### Required action
Output exactly the lines from the one holding "Hypothesis mD : measurable D." through the final line of the entries.

(Collected data entries)
Start of Block

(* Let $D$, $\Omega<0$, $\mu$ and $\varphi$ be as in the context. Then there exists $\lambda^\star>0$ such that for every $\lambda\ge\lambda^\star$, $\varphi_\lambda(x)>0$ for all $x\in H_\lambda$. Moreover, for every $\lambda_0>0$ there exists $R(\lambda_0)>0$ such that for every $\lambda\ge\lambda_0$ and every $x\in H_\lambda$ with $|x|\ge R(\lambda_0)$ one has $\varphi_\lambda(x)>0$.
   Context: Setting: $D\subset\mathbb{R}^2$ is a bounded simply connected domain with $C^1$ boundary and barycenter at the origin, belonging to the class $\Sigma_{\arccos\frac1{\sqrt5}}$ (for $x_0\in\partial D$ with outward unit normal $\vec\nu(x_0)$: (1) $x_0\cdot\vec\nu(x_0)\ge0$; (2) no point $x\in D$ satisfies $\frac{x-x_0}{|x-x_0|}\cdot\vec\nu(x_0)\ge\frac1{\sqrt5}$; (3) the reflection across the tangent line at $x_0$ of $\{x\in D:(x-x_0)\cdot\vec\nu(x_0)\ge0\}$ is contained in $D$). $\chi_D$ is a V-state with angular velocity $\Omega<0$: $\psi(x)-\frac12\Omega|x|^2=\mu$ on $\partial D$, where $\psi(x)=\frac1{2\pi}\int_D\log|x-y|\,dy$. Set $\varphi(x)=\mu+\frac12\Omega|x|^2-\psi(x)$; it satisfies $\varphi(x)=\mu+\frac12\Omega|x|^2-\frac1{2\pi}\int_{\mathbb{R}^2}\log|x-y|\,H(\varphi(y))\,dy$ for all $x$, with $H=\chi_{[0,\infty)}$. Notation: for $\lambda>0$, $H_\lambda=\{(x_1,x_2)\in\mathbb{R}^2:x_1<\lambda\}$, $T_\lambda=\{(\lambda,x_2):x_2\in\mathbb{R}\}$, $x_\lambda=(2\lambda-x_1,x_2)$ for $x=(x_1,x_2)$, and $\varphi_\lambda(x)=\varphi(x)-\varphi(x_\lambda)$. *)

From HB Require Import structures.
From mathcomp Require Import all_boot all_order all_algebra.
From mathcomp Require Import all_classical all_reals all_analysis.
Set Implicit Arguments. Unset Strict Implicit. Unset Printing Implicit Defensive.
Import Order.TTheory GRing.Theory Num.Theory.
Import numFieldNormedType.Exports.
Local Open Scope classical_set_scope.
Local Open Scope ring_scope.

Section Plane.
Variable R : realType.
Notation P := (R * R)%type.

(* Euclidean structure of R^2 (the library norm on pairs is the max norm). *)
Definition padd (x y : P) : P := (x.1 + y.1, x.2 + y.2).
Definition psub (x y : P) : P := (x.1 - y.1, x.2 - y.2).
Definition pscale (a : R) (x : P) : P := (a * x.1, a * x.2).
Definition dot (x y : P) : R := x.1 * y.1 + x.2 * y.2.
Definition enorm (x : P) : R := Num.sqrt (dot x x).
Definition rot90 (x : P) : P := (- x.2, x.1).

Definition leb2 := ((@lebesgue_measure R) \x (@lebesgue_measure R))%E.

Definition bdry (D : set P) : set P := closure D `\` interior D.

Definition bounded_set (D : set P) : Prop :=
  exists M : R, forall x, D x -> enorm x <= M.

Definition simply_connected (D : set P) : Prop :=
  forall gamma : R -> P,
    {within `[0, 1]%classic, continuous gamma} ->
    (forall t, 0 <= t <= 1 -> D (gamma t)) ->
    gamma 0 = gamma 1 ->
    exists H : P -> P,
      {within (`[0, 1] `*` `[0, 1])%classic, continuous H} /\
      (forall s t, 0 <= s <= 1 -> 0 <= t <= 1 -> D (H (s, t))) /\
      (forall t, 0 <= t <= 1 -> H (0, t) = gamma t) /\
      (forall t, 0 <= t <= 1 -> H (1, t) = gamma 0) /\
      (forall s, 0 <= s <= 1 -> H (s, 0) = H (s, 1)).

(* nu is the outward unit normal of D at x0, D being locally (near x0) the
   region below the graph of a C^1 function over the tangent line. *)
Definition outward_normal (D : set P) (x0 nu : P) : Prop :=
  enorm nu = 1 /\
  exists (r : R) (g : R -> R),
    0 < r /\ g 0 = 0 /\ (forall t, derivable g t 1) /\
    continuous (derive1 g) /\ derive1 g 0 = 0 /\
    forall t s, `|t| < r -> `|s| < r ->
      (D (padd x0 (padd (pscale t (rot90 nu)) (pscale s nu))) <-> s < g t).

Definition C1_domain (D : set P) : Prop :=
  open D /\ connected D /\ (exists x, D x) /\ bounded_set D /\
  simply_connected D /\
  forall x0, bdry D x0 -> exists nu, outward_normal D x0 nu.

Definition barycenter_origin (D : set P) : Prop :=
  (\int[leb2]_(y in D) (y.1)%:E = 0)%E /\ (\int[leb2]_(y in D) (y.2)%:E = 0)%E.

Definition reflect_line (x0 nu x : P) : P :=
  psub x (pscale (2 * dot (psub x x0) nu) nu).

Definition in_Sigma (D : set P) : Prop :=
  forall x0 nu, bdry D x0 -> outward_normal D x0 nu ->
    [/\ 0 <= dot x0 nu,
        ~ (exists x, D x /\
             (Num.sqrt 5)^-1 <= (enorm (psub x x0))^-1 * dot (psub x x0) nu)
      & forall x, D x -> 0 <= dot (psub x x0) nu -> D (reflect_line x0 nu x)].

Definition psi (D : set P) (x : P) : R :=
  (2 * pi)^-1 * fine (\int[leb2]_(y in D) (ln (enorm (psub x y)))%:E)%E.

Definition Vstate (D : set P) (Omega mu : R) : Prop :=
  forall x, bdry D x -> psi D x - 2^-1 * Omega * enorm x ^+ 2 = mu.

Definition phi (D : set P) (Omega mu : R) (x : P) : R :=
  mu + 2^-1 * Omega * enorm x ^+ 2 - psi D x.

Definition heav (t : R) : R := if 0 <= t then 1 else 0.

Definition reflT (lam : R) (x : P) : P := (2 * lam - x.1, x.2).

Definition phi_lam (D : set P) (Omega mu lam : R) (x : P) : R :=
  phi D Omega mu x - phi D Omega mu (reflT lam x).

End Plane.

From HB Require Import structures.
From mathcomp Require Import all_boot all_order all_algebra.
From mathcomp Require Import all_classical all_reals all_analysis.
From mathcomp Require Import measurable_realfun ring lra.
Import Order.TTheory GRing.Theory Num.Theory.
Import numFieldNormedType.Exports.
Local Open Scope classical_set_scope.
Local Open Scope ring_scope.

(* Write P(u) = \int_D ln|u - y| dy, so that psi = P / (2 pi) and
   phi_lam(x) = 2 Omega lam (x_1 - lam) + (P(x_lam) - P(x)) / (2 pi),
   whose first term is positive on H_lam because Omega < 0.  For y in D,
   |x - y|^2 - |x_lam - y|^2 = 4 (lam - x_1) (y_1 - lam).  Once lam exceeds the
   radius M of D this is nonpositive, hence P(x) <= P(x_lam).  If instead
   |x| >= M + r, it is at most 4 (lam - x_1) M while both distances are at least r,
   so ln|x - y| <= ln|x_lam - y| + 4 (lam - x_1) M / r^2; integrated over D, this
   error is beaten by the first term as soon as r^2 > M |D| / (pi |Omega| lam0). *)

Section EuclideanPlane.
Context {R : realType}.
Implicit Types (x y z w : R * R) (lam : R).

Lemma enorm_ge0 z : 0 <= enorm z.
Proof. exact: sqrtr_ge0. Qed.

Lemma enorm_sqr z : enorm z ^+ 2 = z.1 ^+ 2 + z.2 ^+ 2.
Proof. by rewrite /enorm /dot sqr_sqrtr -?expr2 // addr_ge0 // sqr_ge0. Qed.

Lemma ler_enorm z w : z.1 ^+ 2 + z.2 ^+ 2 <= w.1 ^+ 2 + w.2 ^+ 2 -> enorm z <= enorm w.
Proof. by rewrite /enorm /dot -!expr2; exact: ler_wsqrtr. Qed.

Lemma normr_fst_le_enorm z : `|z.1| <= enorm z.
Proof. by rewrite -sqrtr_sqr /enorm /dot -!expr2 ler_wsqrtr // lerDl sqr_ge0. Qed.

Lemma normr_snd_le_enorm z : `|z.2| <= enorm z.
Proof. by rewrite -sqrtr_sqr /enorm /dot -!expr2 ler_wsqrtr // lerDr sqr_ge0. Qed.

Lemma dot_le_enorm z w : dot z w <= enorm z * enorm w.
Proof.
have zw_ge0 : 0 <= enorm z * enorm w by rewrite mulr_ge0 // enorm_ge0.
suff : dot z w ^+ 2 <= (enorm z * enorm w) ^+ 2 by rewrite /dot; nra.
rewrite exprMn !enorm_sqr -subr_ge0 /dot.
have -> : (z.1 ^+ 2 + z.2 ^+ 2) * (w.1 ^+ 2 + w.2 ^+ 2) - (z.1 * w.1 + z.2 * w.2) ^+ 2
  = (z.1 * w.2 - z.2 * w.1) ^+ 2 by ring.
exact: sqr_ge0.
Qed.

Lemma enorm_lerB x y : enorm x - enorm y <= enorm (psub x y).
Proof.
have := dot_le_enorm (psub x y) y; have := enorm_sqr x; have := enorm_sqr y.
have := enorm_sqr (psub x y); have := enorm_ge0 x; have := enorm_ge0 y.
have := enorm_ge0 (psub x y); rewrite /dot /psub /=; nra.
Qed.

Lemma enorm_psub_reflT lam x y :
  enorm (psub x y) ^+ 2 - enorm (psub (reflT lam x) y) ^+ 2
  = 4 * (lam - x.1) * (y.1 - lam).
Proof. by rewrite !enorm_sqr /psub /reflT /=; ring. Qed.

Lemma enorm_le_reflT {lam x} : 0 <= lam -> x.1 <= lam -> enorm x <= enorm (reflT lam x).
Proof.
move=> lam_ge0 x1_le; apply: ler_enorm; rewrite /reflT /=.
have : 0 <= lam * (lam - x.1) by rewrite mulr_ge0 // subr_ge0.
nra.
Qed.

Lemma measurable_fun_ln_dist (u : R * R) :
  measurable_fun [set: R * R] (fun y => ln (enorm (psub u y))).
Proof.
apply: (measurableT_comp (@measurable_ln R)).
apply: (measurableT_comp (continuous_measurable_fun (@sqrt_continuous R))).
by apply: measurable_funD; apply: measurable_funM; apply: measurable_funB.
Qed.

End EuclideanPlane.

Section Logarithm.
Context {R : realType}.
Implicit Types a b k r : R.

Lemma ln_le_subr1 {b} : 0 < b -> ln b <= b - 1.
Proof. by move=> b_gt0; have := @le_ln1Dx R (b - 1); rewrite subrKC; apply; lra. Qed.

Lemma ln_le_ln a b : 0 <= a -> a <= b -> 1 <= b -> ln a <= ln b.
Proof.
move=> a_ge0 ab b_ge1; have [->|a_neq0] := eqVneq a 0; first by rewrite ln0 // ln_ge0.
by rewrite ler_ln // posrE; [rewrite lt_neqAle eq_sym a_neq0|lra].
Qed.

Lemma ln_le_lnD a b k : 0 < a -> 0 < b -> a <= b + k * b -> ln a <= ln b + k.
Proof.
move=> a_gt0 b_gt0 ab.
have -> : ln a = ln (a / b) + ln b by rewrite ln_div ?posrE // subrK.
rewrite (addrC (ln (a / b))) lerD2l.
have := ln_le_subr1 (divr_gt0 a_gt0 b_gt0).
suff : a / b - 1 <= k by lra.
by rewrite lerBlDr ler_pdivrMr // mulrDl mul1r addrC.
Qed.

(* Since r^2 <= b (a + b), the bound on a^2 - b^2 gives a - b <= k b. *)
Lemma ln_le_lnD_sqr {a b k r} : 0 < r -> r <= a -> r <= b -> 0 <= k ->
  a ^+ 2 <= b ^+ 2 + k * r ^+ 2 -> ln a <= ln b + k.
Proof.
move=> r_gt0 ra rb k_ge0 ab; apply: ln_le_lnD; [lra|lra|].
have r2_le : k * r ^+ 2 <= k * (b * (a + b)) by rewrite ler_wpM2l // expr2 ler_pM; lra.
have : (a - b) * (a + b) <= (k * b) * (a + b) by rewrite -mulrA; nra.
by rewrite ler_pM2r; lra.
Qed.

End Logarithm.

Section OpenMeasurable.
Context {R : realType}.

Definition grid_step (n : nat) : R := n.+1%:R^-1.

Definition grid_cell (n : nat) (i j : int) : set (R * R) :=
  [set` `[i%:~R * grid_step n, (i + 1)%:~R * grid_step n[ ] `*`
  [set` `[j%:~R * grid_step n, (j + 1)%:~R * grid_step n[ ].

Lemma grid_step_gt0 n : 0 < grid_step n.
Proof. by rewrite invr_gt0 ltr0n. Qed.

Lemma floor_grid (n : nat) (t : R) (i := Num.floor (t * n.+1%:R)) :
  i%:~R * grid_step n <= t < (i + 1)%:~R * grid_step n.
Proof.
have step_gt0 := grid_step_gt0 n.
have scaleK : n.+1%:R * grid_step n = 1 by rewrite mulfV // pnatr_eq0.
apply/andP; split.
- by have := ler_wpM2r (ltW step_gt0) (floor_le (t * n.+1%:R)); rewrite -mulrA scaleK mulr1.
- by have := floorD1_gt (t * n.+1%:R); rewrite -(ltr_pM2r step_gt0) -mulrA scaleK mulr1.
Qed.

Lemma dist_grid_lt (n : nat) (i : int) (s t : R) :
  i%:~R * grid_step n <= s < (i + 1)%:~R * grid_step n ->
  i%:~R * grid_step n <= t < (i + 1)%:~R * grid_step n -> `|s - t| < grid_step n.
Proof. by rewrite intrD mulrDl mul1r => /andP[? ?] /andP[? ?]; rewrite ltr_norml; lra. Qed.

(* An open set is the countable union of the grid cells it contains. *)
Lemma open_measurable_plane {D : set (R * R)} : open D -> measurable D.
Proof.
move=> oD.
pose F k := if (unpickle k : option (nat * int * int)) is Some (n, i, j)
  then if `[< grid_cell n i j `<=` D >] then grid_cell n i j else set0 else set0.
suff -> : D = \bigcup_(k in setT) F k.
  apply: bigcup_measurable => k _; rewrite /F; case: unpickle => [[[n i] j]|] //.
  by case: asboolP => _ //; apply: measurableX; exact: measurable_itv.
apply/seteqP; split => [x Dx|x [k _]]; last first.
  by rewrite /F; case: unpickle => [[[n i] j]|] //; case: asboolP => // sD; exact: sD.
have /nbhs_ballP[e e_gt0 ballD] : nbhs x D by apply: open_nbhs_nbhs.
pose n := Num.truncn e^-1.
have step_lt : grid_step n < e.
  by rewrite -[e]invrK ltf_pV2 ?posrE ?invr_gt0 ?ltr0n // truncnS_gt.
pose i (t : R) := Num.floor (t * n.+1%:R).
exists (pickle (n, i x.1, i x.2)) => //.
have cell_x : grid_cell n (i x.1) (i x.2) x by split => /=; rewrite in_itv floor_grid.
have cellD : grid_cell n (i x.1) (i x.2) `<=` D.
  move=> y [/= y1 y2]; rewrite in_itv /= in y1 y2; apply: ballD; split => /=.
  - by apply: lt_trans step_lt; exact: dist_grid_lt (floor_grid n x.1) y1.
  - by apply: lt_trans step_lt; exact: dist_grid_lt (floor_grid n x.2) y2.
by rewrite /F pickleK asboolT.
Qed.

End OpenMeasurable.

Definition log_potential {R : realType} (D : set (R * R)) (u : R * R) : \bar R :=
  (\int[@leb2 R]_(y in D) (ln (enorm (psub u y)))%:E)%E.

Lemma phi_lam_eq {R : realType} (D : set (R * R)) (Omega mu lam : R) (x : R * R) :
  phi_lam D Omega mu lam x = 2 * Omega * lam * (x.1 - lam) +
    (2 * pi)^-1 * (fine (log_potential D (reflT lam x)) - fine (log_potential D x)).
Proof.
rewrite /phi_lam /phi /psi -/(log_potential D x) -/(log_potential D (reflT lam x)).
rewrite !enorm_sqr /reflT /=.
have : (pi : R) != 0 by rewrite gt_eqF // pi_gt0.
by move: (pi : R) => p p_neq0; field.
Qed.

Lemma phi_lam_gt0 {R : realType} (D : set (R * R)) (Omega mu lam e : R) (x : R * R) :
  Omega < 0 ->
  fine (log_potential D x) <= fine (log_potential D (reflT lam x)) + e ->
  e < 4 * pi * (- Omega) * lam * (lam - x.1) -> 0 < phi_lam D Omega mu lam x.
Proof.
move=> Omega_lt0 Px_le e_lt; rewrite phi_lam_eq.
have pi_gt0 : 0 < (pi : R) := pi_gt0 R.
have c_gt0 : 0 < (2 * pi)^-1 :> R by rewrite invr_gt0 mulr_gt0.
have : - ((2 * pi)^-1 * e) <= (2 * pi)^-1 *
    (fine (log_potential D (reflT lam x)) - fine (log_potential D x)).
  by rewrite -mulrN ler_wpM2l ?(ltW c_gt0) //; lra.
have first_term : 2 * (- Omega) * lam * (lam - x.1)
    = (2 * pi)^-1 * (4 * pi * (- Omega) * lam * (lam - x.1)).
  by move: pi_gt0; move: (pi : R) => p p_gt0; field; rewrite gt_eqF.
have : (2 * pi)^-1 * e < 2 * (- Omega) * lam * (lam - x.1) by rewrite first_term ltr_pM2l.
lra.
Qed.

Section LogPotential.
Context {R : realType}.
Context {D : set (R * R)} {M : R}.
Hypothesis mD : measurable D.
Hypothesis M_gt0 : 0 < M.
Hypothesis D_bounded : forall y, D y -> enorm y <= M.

End of Block

### Response to the task
Hypothesis mD : measurable D.
Hypothesis M_gt0 : 0 < M.
Hypothesis D_bounded : forall y, D y -> enorm y <= M.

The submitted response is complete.